Lemma is_series_B_term_0 p : is_series (B_term p 0) (zetabar (p + 1)).
Proof.
  apply (is_series_ext_R (fun k => (-1) ^ k / INR (k + 1) ^ (p + 1))).
  - intros k. unfold B_term. rewrite Rplus_0_r, pow_add, pow_1. reflexivity.
  - apply is_series_zetabar. lia.
Qed.

Lemma is_series_B_term p r :
  (1 <= r)%nat ->
  is_series (B_term p r)
    (fsum (fun j => (-1) ^ (p - j) / INR r ^ (p - j + 1) * zetabar j) 1 p
     + (-1) ^ p / INR r ^ p * ((-1) ^ r * (zetabar 1 - Hbar 1 r))).
Proof.
  intros Hr. assert (Hr0 : 0 < INR r) by (apply lt_0_INR; lia).
  apply (is_series_ext_R (fun k =>
    fsum (fun j => (-1) ^ (p - j) / INR r ^ (p - j + 1) * ((-1) ^ k / INR (k + 1) ^ j)) 1 p
    + (-1) ^ p / INR r ^ p * ((-1) ^ k / (INR (k + 1) + INR r)))).
  - intros k. pose proof (INR_add_1_pos k) as Hk.
    symmetry. unfold B_term, Rdiv at 1. rewrite inv_pow_mul_partial_fractions by lra.
    rewrite Rmult_plus_distr_l, <- fsum_scal. f_equal.
    + apply fsum_ext. intros j _. unfold Rdiv. ring.
    + unfold Rdiv. ring.
  - apply (is_series_plus _ _
      (fsum (fun j => (-1) ^ (p - j) / INR r ^ (p - j + 1) * zetabar j) 1 p)
      ((-1) ^ p / INR r ^ p * ((-1) ^ r * (zetabar 1 - Hbar 1 r)))).
    + apply is_series_fsum. intros j Hj.
      apply (is_series_scal ((-1) ^ (p - j) / INR r ^ (p - j + 1)) _ (zetabar j)).
      apply is_series_zetabar. lia.
    + apply (is_series_scal ((-1) ^ p / INR r ^ p) _ ((-1) ^ r * (zetabar 1 - Hbar 1 r))).
      apply is_series_alt_inv_add.
Qed.

Lemma is_series_S_term_0 p : (1 <= p)%nat -> is_series (S_term p 0) (Spm p 1).
Proof.
  intros Hp. apply (is_series_ext_R (fun k => (-1) ^ k * H p (k + 1) / INR (k + 1) ^ 1)).
  - intros k. unfold S_term. rewrite pow_m1_add_2, pow_1, Rplus_0_r. reflexivity.
  - exact (is_series_Spm p Hp).
Qed.

Lemma is_series_S_term_S p r (t b : R) :
  is_series (S_term p r) t -> is_series (B_term p r) b ->
  is_series (S_term p (S r)) (- t + b).
Proof.
  intros Ht Hb. apply is_series_shift in Ht, Hb. apply (is_series_opp _ _) in Ht.
  pose proof (pos_INR r) as Hr.
  (* both series start with [1 / (r + 1)] *)
  replace (- t + b) with (- (t - S_term p r 0) + (b - B_term p r 0)).
  2:{ unfold S_term, B_term. simpl. rewrite pow1. field. lra. }
  apply (is_series_ext_R (fun k => - S_term p r (S k) + B_term p r (S k))).
  - intros k. unfold S_term, B_term.
    rewrite !pow_m1_add_2, Nat.add_succ_l, H_S, !S_INR. simpl pow.
    pose proof (INR_add_1_pos k) as Hk.
    assert ((INR (k + 1) + 1) ^ p <> 0) by (apply pow_nonzero; lra).
    field. lra.
  - exact (is_series_plus _ _ _ _ Ht Hb).
Qed.

Lemma fsum_sign_Hbar_S (z : nat -> R) p s :
  fsum (fun j => (-1) ^ (p - j + S (S s)) * z j * Hbar (p - j + 1) (S s)) 1 p =
  - fsum (fun j => (-1) ^ (p - j + S s) * z j * Hbar (p - j + 1) s) 1 p
  + fsum (fun j => (-1) ^ (p - j) / INR (S s) ^ (p - j + 1) * z j) 1 p.
Proof.
  rewrite <- fsum_opp, <- fsum_plus.
  apply fsum_ext. intros j _.
  rewrite Hbar_S, !(pow_add (-1) (p - j)).
  assert (HX : INR (S s) ^ (p - j + 1) <> 0)
    by (apply pow_nonzero; rewrite S_INR; pose proof (pos_INR s); lra).
  pose proof (pow_m1_mult_self s) as Hsq.
  set (X := INR (S s) ^ (p - j + 1)) in *. set (q := (-1) ^ s) in *. set (a := (-1) ^ (p - j)).
  simpl pow. fold q. clearbody X q a.
  apply Rminus_diag_uniq. transitivity (a * z j * (q * q - 1) / X).
  - field. exact HX.
  - rewrite Hsq. field. exact HX.
Qed.

Lemma is_series_S_term_closed_form p s :
  (1 <= p)%nat ->
  is_series (S_term p (S s))
    ((-1) ^ S s * Spm p 1
     + (-1) ^ s * zetabar (p + 1)
     + fsum (fun j => (-1) ^ (p - j + S s) * zetabar j * Hbar (p - j + 1) s) 1 p
     + (-1) ^ (p + s) * zetabar 1 * H p s
     + (-1) ^ (p + S s) * fsum (fun n => Hbar 1 n / INR n ^ p) 1 s).
Proof.
  intros Hp. induction s as [|s IH].
  - pose proof (is_series_S_term_S p 0 _ _ (is_series_S_term_0 p Hp) (is_series_B_term_0 p)) as Hs.
    refine (@eq_ind R _ (is_series (S_term p 1)) Hs _ _).
    rewrite (fsum_ext _ (fun _ => 0)), fsum_zero by (intros; simpl; ring).
    rewrite fsum_empty by lia. simpl. ring.
  - assert (Hb : (1 <= S s)%nat) by lia.
    pose proof (is_series_S_term_S p (S s) _ _ IH (is_series_B_term p (S s) Hb)) as Hs.
    refine (@eq_ind R _ (is_series (S_term p (S (S s)))) Hs _ _).
    rewrite fsum_sign_Hbar_S, fsum_S, H_S by lia.
    assert (INR (S s) ^ p <> 0) by (apply pow_nonzero, not_0_INR; lia).
    rewrite !pow_add. simpl pow.
    field. assumption.
Qed.

Theorem lemma3 (p r : nat) (hp : (1 <= p)%nat) (hr : (1 <= r)%nat) :
  is_series (S_term p r)
    ((-1) ^ r * Spm p 1
     + (-1) ^ (r - 1) * zetabar (p + 1)
     + fsum (fun j => (-1) ^ (p - j + r) * zetabar j * Hbar (p - j + 1) (r - 1)) 1 p
     + (-1) ^ (p + r - 1) * zetabar 1 * H p (r - 1)
     + (-1) ^ (p + r) * fsum (fun n => Hbar 1 n / (INR n) ^ p) 1 (r - 1)).
Proof.
  destruct r as [|s]; [lia|].
  replace (S s - 1)%nat with s by lia.
  replace (p + S s - 1)%nat with (p + s)%nat by lia.
  exact (is_series_S_term_closed_form p s hp).
Qed.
□ □ □
◆ Exercise details: Once you have checked every line of the material above, return the ones that hold the string "with".

◆ Response to this task:
  (* both series start with [1 / (r + 1)] *)
  replace (- t + b) with (- (t - S_term p r 0) + (b - B_term p r 0)).
  replace (S s - 1)%nat with s by lia.
  replace (p + S s - 1)%nat with (p + s)%nat by lia.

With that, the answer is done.